Stream Computing Introduction
Stream Computing emerges when we perform computational tasks at the edge nodes or the incoming stream is too fast and huge to store locally. In this context, we cannot temporarily store the incoming stream elements and process them in memory. Stream Computing is relevant when we have very limited space to store stream elements, or we do not even consider storing them at the first place. Inspecting the performance, accuracy and formally prove them is the main task of analyzing a stream algorithm.
Backgrounds
In the field of Algorithm Design, we have seen the basic principle rules of improving an algorithm, which is a programmatic procedure to solve a collection of problems, consists of a trade-off between space complexity and time complexity. That is to say, if we wish to improve the algorithm by reducing the computational time, in most of the time we have to sacrifices the space complexity. Of course it may not be the case if there exists a more proper abstraction to the problem which could improve the algorithm without any sort of sacrifices. However, if we are inspecting an specific algorithm, or there is no known better algorithms in the field, we have to make choices.

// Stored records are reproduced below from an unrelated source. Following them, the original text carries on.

(* Let $G$ be a graph of order $n$. Then $a(G)+a(\overline{G})\le n+4$. Moreover, this bound is sharp: for every $n\ge 4$, the path $P_n$ on $n$ vertices satisfies $a(P_n)+a(\overline{P_n})=n+4$.
   Context: All graphs are finite and simple; $\overline{G}$ denotes the complement of $G$. For a graph $G$, $a(G)$ denotes the maximum number of vertices of an induced subgraph of $G$ that is a forest. The order of a graph is its number of vertices. *)

From Stdlib Require Import ClassicalEpsilon.
From mathcomp Require Import all_boot.
Set Implicit Arguments. Unset Strict Implicit. Unset Printing Implicit Defensive.

Definition simple_graph (T : finType) (e : rel T) : Prop :=
  symmetric e /\ irreflexive e.

Definition compl_graph (T : finType) (e : rel T) : rel T :=
  fun x y => (x != y) && ~~ e x y.

Definition is_graph_cycle (T : finType) (e : rel T) (c : seq T) : bool :=
  [&& 3 <= size c, uniq c & cycle e c].

Definition induces_forest (T : finType) (e : rel T) (S : {set T}) : Prop :=
  forall c : seq T, all (fun v => v \in S) c -> ~~ is_graph_cycle e c.

Definition asbool (P : Prop) : bool :=
  if excluded_middle_informative P then true else false.

Definition a_forest (T : finType) (e : rel T) : nat :=
  \max_(S : {set T} | asbool (induces_forest e S)) #|S|.

Definition path_graph (n : nat) : rel 'I_n :=
  fun i j => (i.+1 == j :> nat) || (j.+1 == i :> nat).
Arguments path_graph n : clear implicits.

(* An induced forest of G and an induced forest of its complement meet in a
   set that is acyclic in both graphs, and such a set has at most 4 vertices:
   on 5 vertices G and its complement share the 10 pairs, so one of them has
   at least 5 edges and hence a cycle (below, a check of all 2^10 graphs).
   Thus a(G) + a(co-G) <= n + 4 by inclusion-exclusion.  For the path P_n,
   all vertices induce a forest, and four vertices of the complement induce
   a path. *)
From mathcomp Require Import all_boot.
From Stdlib Require Import ClassicalEpsilon.
Set Implicit Arguments. Unset Strict Implicit. Unset Printing Implicit Defensive.

Lemma asboolP (P : Prop) : reflect P (asbool P).
Proof. by rewrite /asbool; case: excluded_middle_informative => p; constructor. Qed.

Section InducedForests.
Variables (T : finType) (e : rel T).

Lemma induces_forest0 : induces_forest e set0.
Proof. by case=> [|v c] //= /andP[]; rewrite inE. Qed.

Lemma induces_forestS (A B : {set T}) :
  A \subset B -> induces_forest e B -> induces_forest e A.
Proof.
move=> sAB forestB c /allP cA; apply: forestB; apply/allP => v /cA.
exact: (subsetP sAB).
Qed.

Lemma a_forest_max (S : {set T}) : induces_forest e S -> #|S| <= a_forest e.
Proof.
by move=> forestS; apply: (leq_bigmax_cond (F := fun S : {set T} => #|S|)); apply/asboolP.
Qed.

Lemma a_forest_witness : exists2 S : {set T}, induces_forest e S & a_forest e = #|S|.
Proof.
rewrite /a_forest.
have [|S /asboolP forestS ->] := eq_bigmax_cond (fun S : {set T} => #|S|)
  (A := [pred S : {set T} | asbool (induces_forest e S)]); last by exists S.
by apply/card_gt0P; exists set0; apply/asboolP/induces_forest0.
Qed.

Lemma a_forest_le_card : a_forest e <= #|T|.
Proof. by apply/bigmax_leqP => S _; apply: max_card. Qed.

End InducedForests.

(* Candidate cycles on {0, ..., 4} up to rotation and reversal: the 10
   triangles, 15 quadrilaterals and 12 pentagons. *)
Definition cycles_on5 : seq (seq nat) :=
  [:: [:: 0; 1; 2]; [:: 0; 1; 3]; [:: 0; 1; 4]; [:: 0; 2; 3]; [:: 0; 2; 4];
      [:: 0; 3; 4]; [:: 1; 2; 3]; [:: 1; 2; 4]; [:: 1; 3; 4]; [:: 2; 3; 4];
      [:: 0; 1; 2; 3]; [:: 0; 1; 3; 2]; [:: 0; 2; 1; 3]; [:: 0; 1; 2; 4];
      [:: 0; 1; 4; 2]; [:: 0; 2; 1; 4]; [:: 0; 1; 3; 4]; [:: 0; 1; 4; 3];
      [:: 0; 3; 1; 4]; [:: 0; 2; 3; 4]; [:: 0; 2; 4; 3]; [:: 0; 3; 2; 4];
      [:: 1; 2; 3; 4]; [:: 1; 2; 4; 3]; [:: 1; 3; 2; 4];
      [:: 0; 1; 2; 3; 4]; [:: 0; 1; 2; 4; 3]; [:: 0; 1; 3; 2; 4];
      [:: 0; 1; 3; 4; 2]; [:: 0; 1; 4; 2; 3]; [:: 0; 1; 4; 3; 2];
      [:: 0; 2; 1; 3; 4]; [:: 0; 2; 1; 4; 3]; [:: 0; 2; 3; 1; 4];
      [:: 0; 2; 4; 1; 3]; [:: 0; 3; 1; 2; 4]; [:: 0; 3; 2; 1; 4]].

Lemma cycle_or_compl_cycle5 (g : rel nat) : symmetric g ->
  exists2 c : seq nat, [&& all (gtn 5) c, uniq c & 3 <= size c] &
    cycle g c || cycle (fun i j => (i != j) && ~~ g i j) c.
Proof.
move=> g_sym.
have /hasP[c c_cand c_cycle] :
    has (fun c => cycle g c || cycle (fun i j => (i != j) && ~~ g i j) c) cycles_on5.
  pose h i j := if i < j then g i j else g j i.
  have gh : g =2 h by move=> i j; rewrite /h; case: ltnP.
  rewrite (eq_has (a2 := fun c =>
    cycle h c || cycle (fun i j => (i != j) && ~~ h i j) c)); last first.
    by move=> c /=; rewrite (eq_cycle gh); congr (_ || _); apply: eq_cycle => i j; rewrite gh.
  (* Reading g only above the diagonal leaves the 10 values g i j, i < j < 5, to case on. *)
  rewrite /h /=.
  by case: (g 0 1); case: (g 0 2); case: (g 0 3); case: (g 0 4); case: (g 1 2);
     case: (g 1 3); case: (g 1 4); case: (g 2 3); case: (g 2 4); case: (g 3 4).
by exists c => //; move: c c_cand {c_cycle}; apply/allP.
Qed.

Lemma card_bi_forest_le4 (T : finType) (e : rel T) (S : {set T}) : symmetric e ->
  induces_forest e S -> induces_forest (compl_graph e) S -> #|S| <= 4.
Proof.
move=> e_sym forestS co_forestS; rewrite leqNgt; apply/negP => S_big.
pose x (i : nat) := nth (enum_default (widen_ord S_big ord0)) (enum S) i.
have size_S : 5 <= size (enum S) by rewrite -cardE.
have x_in i : i < 5 -> x i \in S.
  by move=> lt_i5; rewrite -mem_enum mem_nth // (leq_trans lt_i5).
have x_inj i j : i < 5 -> j < 5 -> (x i == x j) = (i == j).
  by move=> lt_i5 lt_j5; rewrite nth_uniq ?enum_uniq // (leq_trans _ size_S).
have [c /and3P[c_lt5 c_uniq c_size] c_cycle] :=
  @cycle_or_compl_cycle5 (fun i j => e (x i) (x j)) (fun i j => e_sym _ _).
have xc_in : all (fun v => v \in S) (map x c).
  by rewrite all_map; apply/allP => i /(allP c_lt5); apply: x_in.
have xc_uniq : uniq (map x c).
  by rewrite map_inj_in_uniq // => i j /(allP c_lt5) ? /(allP c_lt5) ? /eqP; rewrite x_inj // => /eqP.
have xc_size : 3 <= size (map x c) by rewrite size_map.
case/orP: c_cycle => c_cycle.
- by move/negP: (forestS _ xc_in); apply; rewrite /is_graph_cycle xc_size xc_uniq cycle_map.
- move/negP: (co_forestS _ xc_in); apply; rewrite /is_graph_cycle xc_size xc_uniq cycle_map.
  rewrite (eq_in_cycle (P := gtn 5) (e' := fun i j => (i != j) && ~~ e (x i) (x j))) //.
  by move=> i j lt_i5 lt_j5; rewrite /compl_graph /= x_inj.
Qed.

Lemma a_forest_add_compl (T : finType) (e : rel T) : symmetric e ->
  a_forest e + a_forest (compl_graph e) <= #|T| + 4.
Proof.
move=> e_sym.
have [S1 forestS1 ->] := a_forest_witness e.
have [S2 forestS2 ->] := a_forest_witness (compl_graph e).
rewrite -cardsUI leq_add ?max_card //.
apply: (card_bi_forest_le4 e_sym).
- exact: induces_forestS (subsetIl S1 S2) forestS1.
- exact: induces_forestS (subsetIr S1 S2) forestS2.
Qed.

Definition adjacent_nat (a b : nat) : bool := (a.+1 == b) || (b.+1 == a).

Lemma adjacent_nat_below (a b : nat) : adjacent_nat a b -> b <= a -> b.+1 = a.
Proof. by case/orP=> /eqP <- //; rewrite ltnn. Qed.

Lemma bigmax_seq_in (s : seq nat) : s != [::] -> \max_(x <- s) x \in s.
Proof.
elim: s => // x [_ _|y s IH _]; first by rewrite big_seq1 mem_head.
by rewrite big_cons /maxn; case: ltnP; rewrite in_cons ?IH ?eqxx ?orbT.
Qed.

(* Both cycle neighbours of the largest vertex must be its predecessor. *)
Lemma adjacent_nat_acyclic (d : seq nat) :
  uniq d -> 3 <= size d -> ~~ cycle adjacent_nat d.
Proof.
move=> d_uniq d_size; apply/negP => d_cycle.
set m := \max_(x <- d) x.
have m_in : m \in d by apply: bigmax_seq_in; case: d d_size {d_uniq d_cycle m}.
have le_m x : x \in rot (index m d) d -> x <= m.
  by rewrite mem_rot => x_in; apply: leq_bigmax_seq.
rewrite -(rot_uniq (index m d)) -(size_rot (index m d)) in d_uniq d_size.
rewrite -(rot_cycle (index m d)) in d_cycle.
move: d_uniq d_size d_cycle le_m; rewrite rot_index //; set t := _ ++ _.
case: t => [|y r] //; case/lastP: r => [|r w] // d_uniq _ d_cycle le_m.
move: d_cycle; rewrite /= rcons_path last_rcons => /and3P[my _ wm].
have y_le_m : y <= m by apply: le_m; rewrite !in_cons eqxx orbT.
have w_le_m : w <= m by apply: le_m; rewrite !in_cons mem_rcons in_cons eqxx !orbT.
rewrite /adjacent_nat orbC -/(adjacent_nat m w) in wm.
have yw : y.+1 = w.+1.
  by rewrite (adjacent_nat_below my y_le_m) (adjacent_nat_below wm w_le_m).
move: d_uniq => /= /and3P[_ + _].
by rewrite mem_rcons in_cons (succn_inj yw) eqxx.
Qed.

Lemma induces_forest_embedding (T : finType) (e : rel T) (S : {set T}) (f : T -> nat) :
  {in S &, injective f} -> {in S &, forall x y, e x y -> adjacent_nat (f x) (f y)} ->
  induces_forest e S.
Proof.
move=> f_inj f_adj c c_in; apply/negP => /and3P[c_size c_uniq c_cycle].
have := @adjacent_nat_acyclic (map f c).
rewrite map_inj_in_uniq ?size_map ?c_uniq ?c_size; last first.
  by move=> x y x_in y_in; apply: f_inj; apply: (allP c_in).
rewrite cycle_map => /(_ isT isT)/negP; apply.
exact: (sub_in_cycle (P := mem S) f_adj c_in c_cycle).
Qed.

Lemma path_graph_sym (n : nat) : symmetric (path_graph n).
Proof. by move=> i j; rewrite /path_graph orbC. Qed.

Lemma a_forest_path_graph (n : nat) : a_forest (path_graph n) = n.
Proof.
apply/eqP; rewrite eqn_leq.
have := a_forest_le_card (path_graph n); rewrite card_ord => -> /=.
have forest_all : induces_forest (path_graph n) [set: 'I_n].
  by apply: (@induces_forest_embedding _ _ _ val) => // x y _ _; apply: val_inj.
by have := a_forest_max forest_all; rewrite cardsT card_ord.
Qed.

Lemma four_le_a_forest_compl_path_graph (n : nat) :
  4 <= n -> 4 <= a_forest (compl_graph (path_graph n)).
Proof.
move=> le4n.
pose S := widen_ord le4n @: [set: 'I_4].
have S_lt4 x : x \in S -> x < 4.
  by case/imsetP=> i _ ->; apply: (ltn_ord i).
have forest_S : induces_forest (compl_graph (path_graph n)) S.
  (* In the complement, 0, 1, 2, 3 induce the path 2 - 0 - 3 - 1. *)
  apply: (@induces_forest_embedding _ _ _ (fun i : 'I_n => nth 0 [:: 1; 3; 0; 2] i)).
  - move=> x y /S_lt4 x_lt4 /S_lt4 y_lt4 /= fxy; apply: val_inj.
    by move: x y x_lt4 y_lt4 fxy => [[|[|[|[|x]]]] ?] [[|[|[|[|y]]]] ?].
  - move=> x y /S_lt4 x_lt4 /S_lt4 y_lt4.
    by move: x y x_lt4 y_lt4 => [[|[|[|[|x]]]] ?] [[|[|[|[|y]]]] ?].
have widen_inj : injective (widen_ord le4n) by move=> i j /(congr1 val) /= /val_inj.
by have := a_forest_max forest_S; rewrite /S card_imset // cardsT card_ord.
Qed.

Theorem theorem3 :
  (forall (T : finType) (e : rel T), simple_graph e ->
     a_forest e + a_forest (compl_graph e) <= #|T| + 4)
  /\
  (forall n : nat, 4 <= n ->
     a_forest (path_graph n) + a_forest (compl_graph (path_graph n)) = n + 4).
Proof.
split=> [T e [e_sym _] | n le4n]; first exact: a_forest_add_compl.
apply/eqP; rewrite eqn_leq.
have := a_forest_add_compl (@path_graph_sym n); rewrite card_ord => -> /=.
by rewrite a_forest_path_graph leq_add2l four_le_a_forest_compl_path_graph.
Qed.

Stream Computing is in the context of trade-offs, but in another form, which is the algorithm accuracy. Stream Computing emerges in a background of stream elements come in as a sequence, and we wish to answer questions like did element ‘k’ appear before? How many times it appear? With some limits on answer accuracy, say we wish to impose a restriction on the error rate or the false positive rate, the Stream computing studies the data structures and computational procedures that can solve these problems in stream context. We do not have enough space to store all the stream elements, how do we design an algorithm that can process these stream elements fast, and response with a relatively good enough answer? This is the topic we discuss in stream computing.